◆ Problem
Throughout the entries below, report every line where "Section" is found.

◆ Supplied data
(* Testing the homogeneity of the Sugeno integral on a two-point space whose
   capacity gives the point [true] the weight [z] yields associativity.
   Testing it on the greatest capacity (1 on every nonempty set) and on the
   least one (1 only on the whole space), for which the Sugeno integral is the
   supremum, resp. the infimum, of [f], shows that [S a] commutes with suprema
   and infima of nonempty subsets of [0,1]; applied to [0,x) and (x,1] this is
   left and right continuity of the nondecreasing map [S a]. *)

Lemma is_lub_ext (E E' : R -> Prop) m :
  (forall v, E v <-> E' v) -> is_lub E m -> is_lub E' m.
Proof.
  intros HE [Hub Hleast]. split.
  - intros v Hv. apply Hub, HE, Hv.
  - intros b Hb. apply Hleast. intros v Hv. apply Hb, HE, Hv.
Qed.

Lemma is_lub_Ico x : 0 < x -> is_lub (fun y => 0 <= y < x) x.
Proof.
  intro Hx. split.
  - intros y Hy. lra.
  - intros b Hb. apply Rnot_lt_le. intro Hbx.
    assert (0 <= b) by (apply Hb; lra).
    assert ((b + x) / 2 <= b) by (apply Hb; lra).
    lra.
Qed.

Lemma is_lub_lower_bounds_Ioc x : x < 1 ->
  is_lub (fun t => forall y, x < y <= 1 -> t <= y) x.
Proof.
  intro Hx. split.
  - intros t Ht. apply Rnot_lt_le. intro Hxt.
    assert (t <= 1) by (apply Ht; lra).
    assert (t <= (x + t) / 2) by (apply Ht; lra).
    lra.
  - intros b Hb. apply Hb. intros y Hy. lra.
Qed.

Lemma limit1_in_nondecreasing (g : R -> R) x :
  (forall y y', 0 <= y <= 1 -> 0 <= y' <= 1 -> y <= y' -> g y <= g y') ->
  0 <= x <= 1 ->
  (0 < x -> forall eps, eps > 0 -> exists y, 0 <= y < x /\ g x - eps < g y) ->
  (x < 1 -> forall eps, eps > 0 -> exists y, x < y <= 1 /\ g y < g x + eps) ->
  limit1_in g (fun y => 0 <= y <= 1) (g x) x.
Proof.
  intros Hmono Hx Hleft Hright eps Heps.
  assert (HL : exists dl, dl > 0 /\
            forall y, 0 <= y <= x -> x - y < dl -> g x - eps < g y).
  { destruct (Req_dec x 0) as [-> | Hx0].
    - exists 1. split; [lra |]. intros y Hy _. replace y with 0 by lra. lra.
    - destruct (Hleft ltac:(lra) eps Heps) as (y0 & Hy0 & Hgy0).
      exists (x - y0). split; [lra |]. intros y Hy Hd.
      assert (g y0 <= g y) by (apply Hmono; lra). lra. }
  assert (HR : exists dr, dr > 0 /\
            forall y, x <= y <= 1 -> y - x < dr -> g y < g x + eps).
  { destruct (Req_dec x 1) as [-> | Hx1].
    - exists 1. split; [lra |]. intros y Hy _. replace y with 1 by lra. lra.
    - destruct (Hright ltac:(lra) eps Heps) as (y1 & Hy1 & Hgy1).
      exists (y1 - x). split; [lra |]. intros y Hy Hd.
      assert (g y <= g y1) by (apply Hmono; lra). lra. }
  destruct HL as (dl & Hdl & HL), HR as (dr & Hdr & HR).
  exists (Rmin dl dr). split; [apply Rmin_glb_lt; assumption |].
  intros y [Hy Hd]. simpl in *. unfold Rdist in *.
  pose proof (Rmin_l dl dr). pose proof (Rmin_r dl dr).
  destruct (Rle_dec y x) as [Hyx | Hyx].
  - rewrite Rabs_left1 in Hd by lra.
    assert (g y <= g x) by (apply Hmono; lra).
    specialize (HL y ltac:(lra) ltac:(lra)).
    rewrite Rabs_left1 by lra. lra.
  - rewrite Rabs_right in Hd by lra.
    assert (g x <= g y) by (apply Hmono; lra).
    specialize (HR y ltac:(lra) ltac:(lra)).
    rewrite Rabs_right by lra. lra.
Qed.

Definition greatest_capacity (X : Type) (E : X -> Prop) : R :=
  if excluded_middle_informative (exists x, E x) then 1 else 0.

Definition least_capacity (X : Type) (E : X -> Prop) : R :=
  if excluded_middle_informative (forall x, E x) then 1 else 0.

Definition two_point_capacity (z : R) (E : bool -> Prop) : R :=
  if excluded_middle_informative (E true /\ E false) then 1
  else if excluded_middle_informative (E true) then z else 0.

Lemma greatest_capacity_nonempty X (E : X -> Prop) :
  (exists x, E x) -> greatest_capacity X E = 1.
Proof. unfold greatest_capacity. destruct (excluded_middle_informative _); tauto. Qed.

Lemma greatest_capacity_empty X (E : X -> Prop) :
  ~ (exists x, E x) -> greatest_capacity X E = 0.
Proof. unfold greatest_capacity. destruct (excluded_middle_informative _); tauto. Qed.

Lemma least_capacity_full X (E : X -> Prop) :
  (forall x, E x) -> least_capacity X E = 1.
Proof. unfold least_capacity. destruct (excluded_middle_informative _); tauto. Qed.

Lemma least_capacity_not_full X (E : X -> Prop) :
  ~ (forall x, E x) -> least_capacity X E = 0.
Proof. unfold least_capacity. destruct (excluded_middle_informative _); tauto. Qed.

Lemma two_point_capacity_true z (E : bool -> Prop) :
  E true -> ~ E false -> two_point_capacity z E = z.
Proof.
  intros Ht Hf. unfold two_point_capacity.
  repeat destruct (excluded_middle_informative _); tauto.
Qed.

Lemma two_point_capacity_not_true z (E : bool -> Prop) :
  ~ E true -> two_point_capacity z E = 0.
Proof.
  intro Ht. unfold two_point_capacity.
  repeat destruct (excluded_middle_informative _); tauto.
Qed.

Lemma capacity_greatest_capacity X :
  inhabited X -> capacity X (fun _ => True) (greatest_capacity X).
Proof.
  intros [x0]. unfold capacity, greatest_capacity.
  repeat split; intros;
    repeat destruct (excluded_middle_informative _); firstorder lra.
Qed.

Lemma capacity_least_capacity X :
  inhabited X -> capacity X (fun _ => True) (least_capacity X).
Proof.
  intros [x0]. unfold capacity, least_capacity.
  repeat split; intros;
    repeat destruct (excluded_middle_informative _); firstorder lra.
Qed.

Lemma capacity_two_point_capacity z :
  0 <= z <= 1 -> capacity bool (fun _ => True) (two_point_capacity z).
Proof.
  intro Hz. unfold capacity, two_point_capacity.
  repeat split; intros;
    repeat destruct (excluded_middle_informative _); firstorder lra.
Qed.

Section Semicopula.

Variable S : R -> R -> R.
Hypothesis HS : semicopula S.

Lemma S_range x y : 0 <= x <= 1 -> 0 <= y <= 1 -> 0 <= S x y <= 1.
Proof. exact (proj1 HS x y). Qed.

Lemma S_le_compat_r x x' y : 0 <= x <= 1 -> 0 <= x' <= 1 -> 0 <= y <= 1 ->
  x <= x' -> S x y <= S x' y.
Proof. exact (proj1 (proj2 HS) x x' y). Qed.

Lemma S_le_compat_l x y y' : 0 <= x <= 1 -> 0 <= y <= 1 -> 0 <= y' <= 1 ->
  y <= y' -> S x y <= S x y'.
Proof. exact (proj1 (proj2 (proj2 HS)) x y y'). Qed.

Lemma S_1_r x : 0 <= x <= 1 -> S x 1 = x.
Proof. intro Hx. exact (proj1 (proj2 (proj2 (proj2 HS)) x Hx)). Qed.

Lemma S_1_l x : 0 <= x <= 1 -> S 1 x = x.
Proof. intro Hx. exact (proj2 (proj2 (proj2 (proj2 HS)) x Hx)). Qed.

Lemma S_0_r x : 0 <= x <= 1 -> S x 0 = 0.
Proof.
  intro Hx.
  assert (S x 0 <= S 1 0) by (apply S_le_compat_r; lra).
  rewrite S_1_l in H by lra.
  pose proof (S_range x 0 Hx ltac:(lra)). lra.
Qed.

Lemma S_0_l x : 0 <= x <= 1 -> S 0 x = 0.
Proof.
  intro Hx.
  assert (S 0 x <= S 0 1) by (apply S_le_compat_l; lra).
  rewrite S_1_r in H by lra.
  pose proof (S_range 0 x ltac:(lra) Hx). lra.
Qed.

Section Sugeno.

Variables (X : Type) (mu : (X -> Prop) -> R).
Hypothesis mu_range : forall E, 0 <= mu E <= 1.

Lemma sugeno_is_lub f :
  is_lub (fun v => exists t, 0 <= t <= 1 /\ v = S t (mu (fun x => f x >= t)))
         (sugeno S X mu f).
Proof.
  unfold sugeno, Rsup. apply epsilon_spec.
  destruct (completeness
              (fun v => exists t, 0 <= t <= 1 /\ v = S t (mu (fun x => f x >= t))))
    as [m Hm].
  - exists 1. intros v (t & Ht & ->). apply S_range; auto.
  - exists (S 0 (mu (fun x => f x >= 0))), 0. split; [lra | reflexivity].
  - exists m. exact Hm.
Qed.

Lemma sugeno_le f c :
  (forall t, 0 <= t <= 1 -> S t (mu (fun x => f x >= t)) <= c) -> sugeno S X mu f <= c.
Proof.
  intro Hc. apply (proj2 (sugeno_is_lub f)).
  intros v (t & Ht & ->). auto.
Qed.

Lemma le_sugeno f t : 0 <= t <= 1 -> S t (mu (fun x => f x >= t)) <= sugeno S X mu f.
Proof. intro Ht. apply (proj1 (sugeno_is_lub f)). exists t. auto. Qed.

Lemma sugeno_ge0 f : 0 <= sugeno S X mu f.
Proof.
  rewrite <- (S_0_l (mu (fun x => f x >= 0))) by apply mu_range.
  apply le_sugeno. lra.
Qed.

End Sugeno.

Lemma greatest_capacity_range X E : 0 <= greatest_capacity X E <= 1.
Proof. unfold greatest_capacity. destruct (excluded_middle_informative _); lra. Qed.
Lemma big_partition_seq {V : nmodType} {I K : eqType} (s : seq I) (ks : seq K)
    (g : I -> K) (P : pred K) (F : I -> V) :
  uniq ks -> {subset map g s <= ks} ->
  \sum_(i <- s | P (g i)) F i = \sum_(k <- ks | P k) \sum_(i <- s | g i == k) F i.
Proof.
move=> ks_uniq g_ks; under [RHS]eq_bigr do rewrite big_mkcond.
rewrite exchange_big /= big_mkcond; apply: eq_big_seq => i i_s.
have gi_ks : g i \in ks by apply: g_ks; apply: map_f.
rewrite (big_rem (g i)) //= eqxx big1_seq ?addr0 => [|k /andP[_ k_rem]].
  by case: (P (g i)).
by rewrite ifF //; apply: contraTF k_rem => /eqP <-; rewrite mem_rem_uniqF.
Qed.

Lemma rtree_le_total : total rtree_le.
Proof. by move=> a b; apply: leq_total. Qed.
Lemma rtree_le_trans : transitive rtree_le.
Proof. by move=> a b c; apply: leq_trans. Qed.
Lemma rtree_le_anti : antisymmetric rtree_le.
Proof. by move=> a b /anti_leq/(pcan_inj (@pickleK _)). Qed.

Lemma perm_sort_rtree (s1 s2 : seq rtree) :
  perm_eq s1 s2 = (sort rtree_le s1 == sort rtree_le s2).
Proof.
exact: (sameP (perm_sortP rtree_le_total rtree_le_trans rtree_le_anti _ _) eqP).
Qed.

Definition keq (a b : seq rtree) : bool := perm_eq (keyH a) (keyH b).

Lemma keyH_cat (a b : seq rtree) : keyH (a ++ b) = keyH a ++ keyH b.
Proof. exact: map_cat. Qed.

Lemma keq_cat {a a' b b' : seq rtree} : keq a a' -> keq b b' -> keq (a ++ b) (a' ++ b').
Proof. by rewrite /keq !keyH_cat; apply: perm_cat. Qed.

Lemma canon_keq {a b : seq rtree} : keq a b -> canon (Node a) = canon (Node b).
Proof. by rewrite /keq perm_sort_rtree => /eqP /= ->. Qed.

Lemma Bminus_mon_cons (t : rtree) (m : seq rtree) :
  Bminus_mon (t :: m) = children t ++ Bminus_mon m.
Proof. by []. Qed.

Lemma Bminus_mon_cat (a b : seq rtree) :
  Bminus_mon (a ++ b) = Bminus_mon a ++ Bminus_mon b.
Proof. by rewrite /Bminus_mon map_cat flatten_cat. Qed.

(* Enumerations of the cuts of a tree Node ts in terms of its children ts:
   admissible edge colourings (the triples accumulated by ecut) and
   admissible vertex colourings in which the root has colour 1 (the pairs
   accumulated by vcut). *)
Definition edge_cuts (ts : seq rtree) : seq (seq rtree * seq rtree * seq rtree) :=
  foldr (fun p acc => ecut_step p.1 p.2 acc) [:: ([::], [::], [::])]
        [seq (c, ecut c) | c <- ts].
Definition vertex_cuts (ts : seq rtree) : seq (seq rtree * seq rtree) :=
  foldr (fun cc acc => vcut_step cc acc) [:: ([::], [::])] [seq vcut c | c <- ts].
(* The following strict inclusions hold: (1) $\mathrm{SQC}^n\subsetneq \mathrm{CN}^n\subsetneq \mathrm{QC}^n$; (2) $\mathrm{QCP}^n\subsetneq \mathrm{CN}^n$; (3) $\mathrm{CONV}^n\subsetneq \mathrm{CN}^n$.
   Context: All functions considered are $f:\mathrm{dom}(f)\to\mathbb{R}$ with $\mathrm{dom}(f)\subseteq\mathbb{R}^n$ convex. $f$ is quasiconvex if $f(z)\le\max\{f(x),f(y)\}$ for all $x,y\in\mathrm{dom}(f)$, $z\in(x,y)$; strictly quasiconvex if $f(z)<\max\{f(x),f(y)\}$ for all such $x,y,z$ (with $x\ne y$). $\mathrm{QC}^n$, $\mathrm{SQC}^n$, $\mathrm{CONV}^n$ denote the classes of quasiconvex, strictly quasiconvex, and convex functions respectively. $\mathrm{QCP}^n$ is the class of quasiconvex polynomials $\mathbb{R}^n\to\mathbb{R}$ with real coefficients and nonzero degree. A function $f$ is conic if for all $y,z\in\mathrm{dom}(f)$ and all $t\ge 0$ with $f(y)\le f(z)$ and $z+t(z-y)\in\mathrm{dom}(f)$, we have $f(z+t(z-y))\ge f(z)$; $\mathrm{CN}^n$ denotes the class of conic functions. *)

From Stdlib Require Fin.
From Stdlib Require Import Reals.
Open Scope R_scope.

Definition vec (n : nat) := Fin.t n -> R.

Definition lerp {n : nat} (x y : vec n) (t : R) : vec n :=
  fun i => x i + t * (y i - x i).

(* A (partial) function f : dom(f) -> R, dom(f) ⊆ R^n, is modelled by the
   pair (D, f) with D : vec n -> Prop its domain and f : vec n -> R whose
   values outside D are irrelevant.  All classes below only inspect f on D. *)
Definition convex_set {n : nat} (D : vec n -> Prop) : Prop :=
  forall x y t, D x -> D y -> 0 <= t <= 1 -> D (lerp x y t).

Definition quasiconvex {n : nat} (D : vec n -> Prop) (f : vec n -> R) : Prop :=
  convex_set D /\
  forall x y s, D x -> D y -> 0 < s < 1 ->
    f (lerp x y s) <= Rmax (f x) (f y).

Definition strictly_quasiconvex {n : nat} (D : vec n -> Prop) (f : vec n -> R) : Prop :=
  convex_set D /\
  forall x y s, D x -> D y -> x <> y -> 0 < s < 1 ->
    f (lerp x y s) < Rmax (f x) (f y).

Definition convex_fun {n : nat} (D : vec n -> Prop) (f : vec n -> R) : Prop :=
  convex_set D /\
  forall x y t, D x -> D y -> 0 <= t <= 1 ->
    f (lerp x y t) <= (1 - t) * f x + t * f y.

Definition conic {n : nat} (D : vec n -> Prop) (f : vec n -> R) : Prop :=
  convex_set D /\
  forall y z t, D y -> D z -> 0 <= t -> f y <= f z ->
    D (fun i => z i + t * (z i - y i)) ->
    f (fun i => z i + t * (z i - y i)) >= f z.

Inductive is_poly {n : nat} : (vec n -> R) -> Prop :=
| poly_const (c : R) : is_poly (fun _ => c)
| poly_var (i : Fin.t n) : is_poly (fun x => x i)
| poly_add (f g : vec n -> R) : is_poly f -> is_poly g -> is_poly (fun x => f x + g x)
| poly_mul (f g : vec n -> R) : is_poly f -> is_poly g -> is_poly (fun x => f x * g x).

(* Over R, a
   polynomial has degree 0 (or is the zero polynomial) iff its polynomial
   function is constant, so "nonzero degree" = not a constant function. *)
Definition QCP {n : nat} (D : vec n -> Prop) (f : vec n -> R) : Prop :=
  (forall x, D x) /\ is_poly f /\ (exists x y, f x <> f y) /\ quasiconvex D f.

Definition subclass {n : nat} (A B : (vec n -> Prop) -> (vec n -> R) -> Prop) : Prop :=
  forall D f, A D f -> B D f.

Definition strict_subclass {n : nat} (A B : (vec n -> Prop) -> (vec n -> R) -> Prop) : Prop :=
  subclass A B /\ exists D f, B D f /\ ~ A D f.

(* The inclusions all come from looking at f along the line through y and z.
   If w = z + t (z - y), then z lies on the segment [y, w], so strict
   quasiconvexity or convexity forbids f w < f z once f y <= f z, and
   conversely conicity applied to (x, z) at the right t recovers
   quasiconvexity on [x, y].  For a quasiconvex polynomial, f w < f z forces
   f to be constant on the segment (y, z); its restriction to the line is a
   univariate polynomial, hence constant everywhere, a contradiction.
   Strictness is witnessed by a constant function, by the indicator of a
   half-space (quasiconvex, not conic), and by x |-> (x_1)^3 (conic, since
   it is a strictly increasing function of one coordinate, but not convex). *)

From Stdlib Require Import Reals Lra Lia List FunctionalExtensionality Classical.
Open Scope R_scope.

Section Lines.

Context {n : nat}.
Implicit Types (x y z : vec n) (D : vec n -> Prop) (f : vec n -> R).

Lemma lerp0 x y : lerp x y 0 = x.
Proof. apply functional_extensionality; intros i; unfold lerp; ring. Qed.

Lemma lerp1 x y : lerp x y 1 = y.
Proof. apply functional_extensionality; intros i; unfold lerp; ring. Qed.

Lemma lerp_same x t : lerp x x t = x.
Proof. apply functional_extensionality; intros i; unfold lerp; ring. Qed.

Lemma lerp_extend x y t :
  (fun i => y i + t * (y i - x i)) = lerp x y (1 + t).
Proof. apply functional_extensionality; intros i; unfold lerp; ring. Qed.

Lemma lerp_from_start x y r c :
  r <> 0 -> lerp x (lerp x y r) (c / r) = lerp x y c.
Proof. intros Hr; apply functional_extensionality; intros i; unfold lerp; field; lra. Qed.

Lemma lerp_between x y a b c :
  a <> b -> lerp (lerp x y a) (lerp x y b) ((c - a) / (b - a)) = lerp x y c.
Proof. intros Hab; apply functional_extensionality; intros i; unfold lerp; field; lra. Qed.

Lemma lerp_eq_start x y t : t <> 0 -> lerp x y t = x -> y = x.
Proof.
  intros Ht E; apply functional_extensionality; intros i.
  pose proof (equal_f E i) as Ei; unfold lerp in Ei.
  destruct (Rmult_integral t (y i - x i)); lra.
Qed.

Lemma quasiconvex_line D f x y a b c :
  quasiconvex D f -> D (lerp x y a) -> D (lerp x y b) -> a < c < b ->
  f (lerp x y c) <= Rmax (f (lerp x y a)) (f (lerp x y b)).
Proof.
  intros [_ Hqc] Ha Hb Hc.
  rewrite <- (lerp_between x y a b c) by lra.
  apply Hqc; auto.
  split; [apply Rdiv_lt_0_compat; lra|].
  apply Rmult_lt_reg_r with (b - a); [lra|].
  unfold Rdiv; rewrite Rmult_assoc, Rinv_l; lra.
Qed.

(* Conicity only has content for a point beyond z, i.e. w = lerp y z r, r > 1. *)
Lemma conic_intro D f :
  convex_set D ->
  (forall y z r, D y -> D z -> 1 < r -> f y <= f z -> D (lerp y z r) ->
     f z <= f (lerp y z r)) ->
  conic D f.
Proof.
  intros HD Hbeyond; split; [exact HD|].
  intros y z t Hy Hz Ht Hyz; rewrite lerp_extend; intros Hw.
  destruct (Req_dec t 0) as [->|Ht0].
  - rewrite Rplus_0_r, lerp1; lra.
  - apply Rle_ge, Hbeyond; auto; lra.
Qed.

Lemma inv_in_unit_interval r : 1 < r -> 0 < 1 / r < 1.
Proof.
  intros Hr; split; [apply Rdiv_lt_0_compat; lra|].
  apply Rmult_lt_reg_r with r; [lra|].
  unfold Rdiv; rewrite Rmult_assoc, Rinv_l; lra.
Qed.

Lemma strictly_quasiconvex_conic D f : strictly_quasiconvex D f -> conic D f.
Proof.
  intros [HD Hsqc]; apply conic_intro; [exact HD|].
  intros y z r Hy _ Hr Hyz Hw.
  destruct (classic (z = y)) as [->|Hzy]; [rewrite lerp_same; lra|].
  assert (Hyw : y <> lerp y z r).
  { intros E; apply Hzy, (lerp_eq_start y z r); auto; lra. }
  pose proof (Hsqc _ _ _ Hy Hw Hyw (inv_in_unit_interval r Hr)) as Hlt.
  rewrite lerp_from_start, lerp1 in Hlt by lra.
  unfold Rmax in Hlt; destruct Rle_dec; lra.
Qed.

Lemma convex_conic D f : convex_fun D f -> conic D f.
Proof.
  intros [HD Hcvx]; apply conic_intro; [exact HD|].
  intros y z r Hy _ Hr Hyz Hw.
  pose proof (inv_in_unit_interval r Hr) as Hs.
  pose proof (Hcvx _ _ (1 / r) Hy Hw ltac:(lra)) as Hle.
  rewrite lerp_from_start, lerp1 in Hle by lra.
  nra.
Qed.

Lemma conic_quasiconvex D f : conic D f -> quasiconvex D f.
Proof.
  intros [HD Hconic]; split; [exact HD|].
  intros x y s Hx Hy Hs.
  assert (Hz : D (lerp x y s)) by (apply HD; auto; lra).
  destruct (Rle_lt_dec (f (lerp x y s)) (f x)) as [Hle|Hlt].
  { eapply Rle_trans; [exact Hle|apply Rmax_l]. }
  assert (Ey : (fun i => lerp x y s i + (1 - s) / s * (lerp x y s i - x i)) = y).
  { apply functional_extensionality; intros i; unfold lerp; field; lra. }
  assert (Ht : 0 <= (1 - s) / s) by (left; apply Rdiv_lt_0_compat; lra).
  pose proof (Hconic _ _ _ Hx Hz Ht ltac:(lra)) as Hge.
  rewrite Ey in Hge; specialize (Hge Hy).
  eapply Rle_trans; [apply Rge_le, Hge|apply Rmax_r].
Qed.

End Lines.

Section UnivariatePolynomials.

(* Coefficient lists, constant term first. *)
Fixpoint peval (p : list R) (s : R) : R :=
  match p with nil => 0 | a :: q => a + s * peval q s end.

Fixpoint padd (p q : list R) : list R :=
  match p, q with
  | nil, _ => q
  | _, nil => p
  | a :: p', b :: q' => (a + b) :: padd p' q'
  end.

Fixpoint pmul (p q : list R) : list R :=
  match p with
  | nil => nil
  | a :: p' => padd (map (Rmult a) q) (0 :: pmul p' q)
  end.

Lemma peval_padd p q s : peval (padd p q) s = peval p s + peval q s.
Proof.
  revert q; induction p as [|a p IH]; intros [|b q]; simpl; try ring.
  rewrite IH; ring.
Qed.

Lemma peval_scale a q s : peval (map (Rmult a) q) s = a * peval q s.
Proof. induction q as [|b q IH]; simpl; [ring|rewrite IH; ring]. Qed.

Lemma peval_pmul p q s : peval (pmul p q) s = peval p s * peval q s.
Proof.
  induction p as [|a p IH]; simpl; [ring|].
  rewrite peval_padd, peval_scale; simpl; rewrite IH; ring.
Qed.

Lemma peval_bounded_unit p : exists B, forall s, 0 < s < 1 -> Rabs (peval p s) <= B.
Proof.
  induction p as [|a q [B HB]].
  - exists 0; intros s _; simpl; rewrite Rabs_R0; lra.
  - exists (Rabs a + B); intros s Hs; simpl.
    eapply Rle_trans; [apply Rabs_triang|].
    rewrite Rabs_mult, (Rabs_right s) by lra.
    pose proof (HB s Hs); pose proof (Rabs_pos (peval q s)); nra.
Qed.

Lemma Rabs_le_mult_unit_eq0 a B : (forall s, 0 < s < 1 -> Rabs a <= s * B) -> a = 0.
Proof.
  intros H.
  set (s := Rabs a / (2 * (Rabs a + Rabs B + 1))).
  pose proof (Rabs_pos a); pose proof (Rle_abs B); pose proof (Rabs_pos B).
  assert (Hs : s * (2 * (Rabs a + Rabs B + 1)) = Rabs a) by (unfold s; field; lra).
  destruct (Req_dec a 0) as [|Ha]; [assumption|].
  pose proof (Rabs_pos_lt a Ha).
  assert (Hpos : 0 < s) by (apply Rdiv_lt_0_compat; lra).
  specialize (H s ltac:(nra)); nra.
Qed.

Lemma peval_eq0_unit p : (forall s, 0 < s < 1 -> peval p s = 0) -> forall s, peval p s = 0.
Proof.
  induction p as [|a q IH]; intros H; simpl; [reflexivity|].
  destruct (peval_bounded_unit q) as [B HB].
  assert (Ha : a = 0).
  { apply Rabs_le_mult_unit_eq0 with B; intros s Hs.
    replace a with (- (s * peval q s)) by (specialize (H s Hs); simpl in H; lra).
    rewrite Rabs_Ropp, Rabs_mult, (Rabs_right s) by lra.
    apply Rmult_le_compat_l; [lra|auto]. }
  assert (Hq : forall s, peval q s = 0).
  { apply IH; intros s Hs; specialize (H s Hs); simpl in H.
    destruct (Rmult_integral s (peval q s)); lra. }
  intros s; rewrite Ha, Hq; ring.
Qed.

Lemma peval_const_unit p c : (forall s, 0 < s < 1 -> peval p s = c) -> forall s, peval p s = c.
Proof.
  intros H s.
  assert (E : forall s, peval (padd p (- c :: nil)) s = peval p s - c)
    by (intros; rewrite peval_padd; simpl; ring).
  assert (Hdiff : forall s', 0 < s' < 1 -> peval (padd p (- c :: nil)) s' = 0)
    by (intros s' Hs'; rewrite E, H; auto; ring).
  pose proof (peval_eq0_unit _ Hdiff s) as Z; rewrite E in Z; lra.
Qed.

End UnivariatePolynomials.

◆ Task response
Section Semicopula.
Section Sugeno.
Section Lines.
Section UnivariatePolynomials.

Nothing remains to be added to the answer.